Extracted records:
"""

(* A quasivariety $\mathsf{K}$ has the weak ES property if and only if no finitely generated member of $\mathsf{K}$ has a subalgebra that is fully epic in $\mathsf{K}$.
   Context: A quasivariety is a class of similar algebras closed under isomorphic copies, subalgebras, direct products and ultraproducts. A quasivariety $\mathsf{K}$ has the weak ES property if every $\mathsf{K}$-epimorphism (homomorphism $f\colon\mathbf{A}\to\mathbf{B}$ between members of $\mathsf{K}$ such that $g\circ f=h\circ f$ implies $g=h$ for all homomorphisms $g,h$ from $\mathbf{B}$ into members of $\mathsf{K}$) between finitely generated members of $\mathsf{K}$ is surjective. $\mathbf{A}\leq\mathbf{B}$ is epic in $\mathsf{K}$ if the inclusion is a $\mathsf{K}$-epimorphism. $\mathrm{Con}_{\mathsf{K}}(\mathbf{B})$ is the set of congruences $\theta$ of $\mathbf{B}$ with $\mathbf{B}/\theta\in\mathsf{K}$. $\mathbf{A}\leq\mathbf{B}$ is full in $\mathsf{K}$ if it is proper, almost total ($B=\mathrm{Sg}^{\mathbf{B}}(A\cup\{b\})$ for some $b$), and for every $\theta\in\mathrm{Con}_{\mathsf{K}}(\mathbf{B})$ with $\theta\neq\mathrm{id}_B$ and every $b\in B$ there is $a\in A$ with $\langle a,b\rangle\in\theta$. It is fully epic in $\mathsf{K}$ if it is both full and epic in $\mathsf{K}$. *)

From Stdlib Require List.
From mathcomp Require Import all_boot.

Set Implicit Arguments.
Unset Strict Implicit.
Unset Printing Implicit Defensive.

Section UA.
Variables (O : Type) (ar : O -> nat).

Record Alg := {
  car :> Type;
  op : forall o : O, ('I_(ar o) -> car) -> car;
  car_ne : inhabited car
}.
Arguments op : clear implicits.

Definition hom (A B : Alg) (f : A -> B) : Prop :=
  forall (o : O) (args : 'I_(ar o) -> A),
    f (op A o args) = op B o (fun k => f (args k)).

Definition surj (A B : Type) (f : A -> B) : Prop := forall b, exists a, f a = b.
Definition inj (A B : Type) (f : A -> B) : Prop := forall x y, f x = f y -> x = y.

Definition ultrafilter (I : Type) (U : (I -> Prop) -> Prop) : Prop :=
  U (fun _ => True) /\ ~ U (fun _ => False) /\
  (forall X Y : I -> Prop, U X -> (forall i, X i -> Y i) -> U Y) /\
  (forall X Y : I -> Prop, U X -> U Y -> U (fun i => X i /\ Y i)) /\
  (forall X : I -> Prop, U X \/ U (fun i => ~ X i)).

Definition iso_to_product (I : Type) (Af : I -> Alg) (C : Alg) : Prop :=
  exists f : C -> forall i, Af i,
    (forall o (args : 'I_(ar o) -> C) i,
        f (op C o args) i = op (Af i) o (fun k => f (args k) i)) /\
    inj f /\ surj f.

(** [C] is isomorphic to the ultraproduct of [Af] over [U]: there is a
    surjective homomorphism from the direct product onto [C] whose kernel is
    the congruence [x ~ y iff {i | x i = y i} \in U]. *)
Definition iso_to_ultraproduct (I : Type) (Af : I -> Alg)
    (U : (I -> Prop) -> Prop) (C : Alg) : Prop :=
  exists f : (forall i, Af i) -> C,
    (forall o (args : 'I_(ar o) -> forall i, Af i),
        f (fun i => op (Af i) o (fun k => args k i)) = op C o (fun k => f (args k))) /\
    surj f /\
    (forall x y, f x = f y <-> U (fun i => x i = y i)).

(** quasivariety: closed under isomorphic copies, subalgebras (together:
    anything embeddable into a member is a member), direct products and
    ultraproducts. *)
Definition quasivariety (K : Alg -> Prop) : Prop :=
  (forall (A B : Alg) (f : A -> B), K B -> hom f -> inj f -> K A) /\
  (forall (I : Type) (Af : I -> Alg) (C : Alg),
      (forall i, K (Af i)) -> iso_to_product Af C -> K C) /\
  (forall (I : Type) (Af : I -> Alg) (U : (I -> Prop) -> Prop) (C : Alg),
      (forall i, K (Af i)) -> ultrafilter U -> iso_to_ultraproduct Af U C -> K C).

Inductive Sg (B : Alg) (X : B -> Prop) : B -> Prop :=
| Sg_base : forall x, X x -> Sg X x
| Sg_op : forall o (args : 'I_(ar o) -> B),
    (forall k, Sg X (args k)) -> Sg X (op B o args).

Definition fin_gen (B : Alg) : Prop :=
  exists l : list B, forall b, Sg (fun x => List.In x l) b.

Definition K_epi (K : Alg -> Prop) (A B : Alg) (f : A -> B) : Prop :=
  forall C : Alg, K C -> forall g h : B -> C, hom g -> hom h ->
    (forall a, g (f a) = h (f a)) -> forall b, g b = h b.

Definition weak_ES (K : Alg -> Prop) : Prop :=
  forall (A B : Alg) (f : A -> B), K A -> K B -> fin_gen A -> fin_gen B ->
    hom f -> K_epi K f -> surj f.

Definition subalg (B : Alg) (S : B -> Prop) : Prop :=
  (exists x, S x) /\
  (forall o (args : 'I_(ar o) -> B), (forall k, S (args k)) -> S (op B o args)).

Definition epic_in (K : Alg -> Prop) (B : Alg) (S : B -> Prop) : Prop :=
  forall C : Alg, K C -> forall g h : B -> C, hom g -> hom h ->
    (forall a, S a -> g a = h a) -> forall b, g b = h b.

(** [theta \in Con_K(B)]: a congruence of [B] with [B/theta \in K]
    (the quotient is represented up to isomorphism as a surjective
    homomorphic image with kernel [theta]). *)
Definition ConK (K : Alg -> Prop) (B : Alg) (theta : B -> B -> Prop) : Prop :=
  (forall x, theta x x) /\ (forall x y, theta x y -> theta y x) /\
  (forall x y z, theta x y -> theta y z -> theta x z) /\
  (forall o (a b : 'I_(ar o) -> B), (forall k, theta (a k) (b k)) ->
      theta (op B o a) (op B o b)) /\
  exists (C : Alg) (p : B -> C), K C /\ hom p /\ surj p /\
    (forall x y, theta x y <-> p x = p y).

Definition full_in (K : Alg -> Prop) (B : Alg) (S : B -> Prop) : Prop :=
  (exists b, ~ S b) /\
  (exists b, forall x, Sg (fun y => S y \/ y = b) x) /\
  (forall theta, ConK K theta -> (exists x y, theta x y /\ x <> y) ->
     forall b, exists a, S a /\ theta a b).

Definition fully_epic_in (K : Alg -> Prop) (B : Alg) (S : B -> Prop) : Prop :=
  full_in K S /\ epic_in K S.

End UA.

From mathcomp Require Import all_boot boolp.
From mathcomp Require classical_sets filter.
From Stdlib Require List.

Set Implicit Arguments.
Unset Strict Implicit.
Unset Printing Implicit Defensive.

(* If [S] is epic in [K] inside a finitely generated [B], an ultraproduct of
   counterexamples shows that agreement on some finite [F] included in [S]
   already forces two homomorphisms out of [B] to agree; so the finitely
   generated subalgebra generated by [F] has an epic inclusion, which weak ES
   makes onto, and [S] cannot be proper.
   Conversely, let [f : A -> B] be a non-surjective K-epimorphism with [B]
   finitely generated.  By Zorn's lemma there is a maximal pair [(th, M)] with
   [th] in [Con_K(B)] and [M/th] a proper subalgebra of [B/th] containing the
   image of [f]: unions of chains of K-congruences are K-congruences (kernels
   of maps into ultraproducts), and finite generation keeps unions proper.
   Maximality of [M] makes [M/th] almost total, maximality of [th] makes it
   full, and it is epic because [f] is. *)

Lemma In_mem (T : eqType) (x : T) (s : seq T) : x \in s -> List.In x s.
Proof.
by elim: s => [//|y s IH]; rewrite in_cons => /orP[/eqP ->|/IH]; [left|right].
Qed.

Lemma chain_bound_In (T X : Type) (Ch : T -> Prop) (Le : T -> T -> Prop)
    (P : X -> T -> Prop) (l : list X) :
  classical_sets.total_on Ch Le -> (exists t, Ch t) ->
  (forall x s t, P x s -> Le s t -> P x t) ->
  (forall x, List.In x l -> exists t, Ch t /\ P x t) ->
  exists t, Ch t /\ forall x, List.In x l -> P x t.
Proof.
move=> tot [t0 Ch_t0] monoP; elim: l => [|y l IH] bound.
  by exists t0; split=> // x [].
have [s [Ch_s Pys]] := bound y (or_introl erefl).
have [t [Ch_t Plt]] := IH (fun x lx => bound x (or_intror lx)).
have [st|ts] := tot s t Ch_s Ch_t.
  by exists t; split=> // x [<-|/Plt //]; exact: monoP st.
by exists s; split=> // x [<-|/Plt Pxt] //; exact: monoP ts.
Qed.

Lemma chain_bound_ord (T : Type) (Ch : T -> Prop) (Le : T -> T -> Prop)
    n (P : 'I_n -> T -> Prop) :
  classical_sets.total_on Ch Le -> (exists t, Ch t) ->
  (forall x s t, P x s -> Le s t -> P x t) ->
  (forall x, exists t, Ch t /\ P x t) -> exists t, Ch t /\ forall x, P x t.
Proof.
move=> tot Ch0 monoP bound.
have [t [Ch_t Pt]] := chain_bound_In (l := enum 'I_n) tot Ch0 monoP (fun x _ => bound x).
by exists t; split=> // x; apply/Pt/In_mem; rewrite mem_enum.
Qed.

Lemma ultrafilter_from_base (I J : Type) (Bs : J -> I -> Prop) :
  inhabited J ->
  (forall j1 j2, exists j3, forall i, Bs j3 i -> Bs j1 i /\ Bs j2 i) ->
  (forall j, exists i, Bs j i) ->
  exists U, ultrafilter U /\ forall j, U (Bs j).
Proof.
move=> [j0] directed nonempty.
pose F := filter.filter_from classical_sets.setT Bs.
have F_proper : filter.ProperFilter F.
  apply: filter.filter_from_proper => [|j _]; last exact: nonempty.
  apply: filter.filter_fromT_filter; first by exists j0.
  by move=> j1 j2; have [j3 Bj3] := directed j1 j2; exists j3 => x /Bj3.
have [G [G_ultra FG]] := filter.ultraFilterLemma F_proper.
have G_filter : filter.Filter G by apply: filter.filter_filter.
exists G; split; last by move=> j; apply: FG; exists j.
split; first exact: (@filter.filterT _ _ G_filter).
split; first exact: (@filter.filter_not_empty _ _ (@filter.ultra_proper _ _ G_ultra)).
split; first by move=> X Y GX XY; exact: (@filter.filterS _ _ G_filter X Y).
split; first by move=> X Y; exact: (@filter.filterI _ _ G_filter X Y).
by move=> X; exact: (@filter.in_ultra_setVsetC _ G X G_ultra).
Qed.

Section UltrafilterTheory.
Variables (I : Type) (U : (I -> Prop) -> Prop).
Hypothesis U_ultra : ultrafilter U.

Lemma uf_setS X Y : U X -> (forall i, X i -> Y i) -> U Y.
Proof. by case: U_ultra => _ [_ [UsetS _]]; exact: UsetS. Qed.

Lemma uf_setI X Y : U X -> U Y -> U (fun i => X i /\ Y i).
Proof. by case: U_ultra => _ [_ [_ [UsetI _]]]; exact: UsetI. Qed.

Lemma uf_forall X : (forall i, X i) -> U X.
Proof. by case: U_ultra => UsetT _ allX; apply: uf_setS UsetT _ => i _. Qed.

Lemma uf_nonempty X : U X -> exists i, X i.
Proof.
case: U_ultra => _ [Uset0 _] UX; apply: contrapT => noX.
by apply: Uset0; apply: uf_setS UX _ => i Xi; apply: noX; exists i.
Qed.

Lemma uf_In_forall (T : Type) (X : T -> I -> Prop) (l : list T) :
  (forall x, List.In x l -> U (X x)) -> U (fun i => forall x, List.In x l -> X x i).
Proof.
elim: l => [|y l IH] UX; first by apply: uf_forall => i x [].
apply: uf_setS (uf_setI (UX y (or_introl erefl)) (IH (fun x lx => UX x (or_intror lx)))) _.
by move=> i [Xy Xl] x [<-|/Xl].
Qed.

Lemma uf_ord_forall n (X : 'I_n -> I -> Prop) :
  (forall k, U (X k)) -> U (fun i => forall k, X k i).
Proof.
move=> UX; apply: uf_setS (uf_In_forall (l := enum 'I_n) (fun k _ => UX k)) _.
by move=> i Xi k; apply/Xi/In_mem; rewrite mem_enum.
Qed.

End UltrafilterTheory.

Section Algebras.
Variables (O : Type) (ar : O -> nat).

Definition prod_hom (I : Type) (Af : I -> Alg ar) (D : Alg ar)
    (q : (forall i, Af i) -> D) : Prop :=
  forall o (args : 'I_(ar o) -> forall i, Af i),
    q (fun i => op (fun k => args k i)) = op (fun k => q (args k)).

Lemma diagonal_hom (I : Type) (Af : I -> Alg ar) (B D : Alg ar)
    (q : (forall i, Af i) -> D) (g : forall i, B -> Af i) :
  prod_hom q -> (forall i, hom (g i)) -> hom (fun x => q (fun i => g i x)).
Proof.
move=> hq hg o args; rewrite -hq; congr q.
by apply: functional_extensionality_dep => i; rewrite hg.
Qed.

Section Ultraproduct.
Variables (I : Type) (Af : I -> Alg ar) (U : (I -> Prop) -> Prop).
Hypothesis U_ultra : ultrafilter U.

Definition ultra_eq (x y : forall i, Af i) : Prop := U (fun i => x i = y i).

Lemma ultra_eq_trans x y z : ultra_eq x y -> ultra_eq y z -> ultra_eq x z.
Proof. by move=> xy yz; apply: (uf_setS U_ultra (uf_setI U_ultra xy yz)) => i [-> ->]. Qed.

Lemma ultra_eq_sym x y : ultra_eq x y -> ultra_eq y x.
Proof. by move=> xy; apply: (uf_setS U_ultra xy). Qed.

Definition ultra_class := {P : (forall i, Af i) -> Prop | exists x, P = ultra_eq x}.

Definition uclass (x : forall i, Af i) : ultra_class :=
  exist _ (ultra_eq x) (ex_intro _ x erefl).

Definition urep (c : ultra_class) : forall i, Af i := proj1_sig (cid (proj2_sig c)).

Lemma uclass_eq x y : uclass x = uclass y <-> ultra_eq x y.
Proof.
split=> [/(congr1 (@proj1_sig _ _)) /= ->|xy]; first exact: (uf_forall U_ultra).
apply: eq_exist; apply: funext => z; apply: propext.
by split; apply: ultra_eq_trans; [apply: ultra_eq_sym|].
Qed.

Lemma urepK c : uclass (urep c) = c.
Proof.
by case: c => P Px; apply: eq_exist; rewrite /urep /=; case: cid.
Qed.

Lemma ultra_eq_urep x : ultra_eq (urep (uclass x)) x.
Proof. by apply/uclass_eq; rewrite urepK. Qed.

Lemma ultra_class_inhabited : inhabited ultra_class.
Proof.
have elt i : exists _ : Af i, True by case: (car_ne (Af i)) => a; exists a.
exact: inhabits (uclass (fun i => proj1_sig (cid (elt i)))).
Qed.

Definition ultraproduct : Alg ar :=
  @Build_Alg O ar ultra_class
    (fun o args => uclass (fun i => op (fun k => urep (args k) i)))
    ultra_class_inhabited.

Lemma uclass_prod_hom : prod_hom (D := ultraproduct) uclass.
Proof.
move=> o args; apply/uclass_eq.
apply: (uf_setS U_ultra (uf_ord_forall U_ultra (fun k => ultra_eq_urep (args k)))).
by move=> i urep_args; congr op; apply: funext => k; rewrite urep_args.
Qed.

End Ultraproduct.

Lemma ultraproduct_in_K (K : Alg ar -> Prop) (I : Type) (Af : I -> Alg ar)
    (U : (I -> Prop) -> Prop) :
  quasivariety K -> ultrafilter U -> (forall i, K (Af i)) ->
  exists (D : Alg ar) (q : (forall i, Af i) -> D),
    [/\ K D, prod_hom q & forall x y, q x = q y <-> U (fun i => x i = y i)].
Proof.
move=> [_ [_ K_ultra]] U_ultra KAf.
have hq := uclass_prod_hom (Af := Af) U_ultra; have kerq := uclass_eq (Af := Af) U_ultra.
exists (ultraproduct Af U), (uclass U); split=> //.
apply: (K_ultra I Af U) => //; exists (uclass U); do 2!split=> //.
by move=> c; exists (urep c); exact: urepK.
Qed.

"""

**Work order:** Your answer should consist of the lines from the line with "Maximality of [M]" to the line with "have [s [Ch_s" above, repeated exactly, both ends included.

**Exercise output:**
   Maximality of [M] makes [M/th] almost total, maximality of [th] makes it
   full, and it is epic because [f] is. *)

Lemma In_mem (T : eqType) (x : T) (s : seq T) : x \in s -> List.In x s.
Proof.
by elim: s => [//|y s IH]; rewrite in_cons => /orP[/eqP ->|/IH]; [left|right].
Qed.

Lemma chain_bound_In (T X : Type) (Ch : T -> Prop) (Le : T -> T -> Prop)
    (P : X -> T -> Prop) (l : list X) :
  classical_sets.total_on Ch Le -> (exists t, Ch t) ->
  (forall x s t, P x s -> Le s t -> P x t) ->
  (forall x, List.In x l -> exists t, Ch t /\ P x t) ->
  exists t, Ch t /\ forall x, List.In x l -> P x t.
Proof.
move=> tot [t0 Ch_t0] monoP; elim: l => [|y l IH] bound.
  by exists t0; split=> // x [].
have [s [Ch_s Pys]] := bound y (or_introl erefl).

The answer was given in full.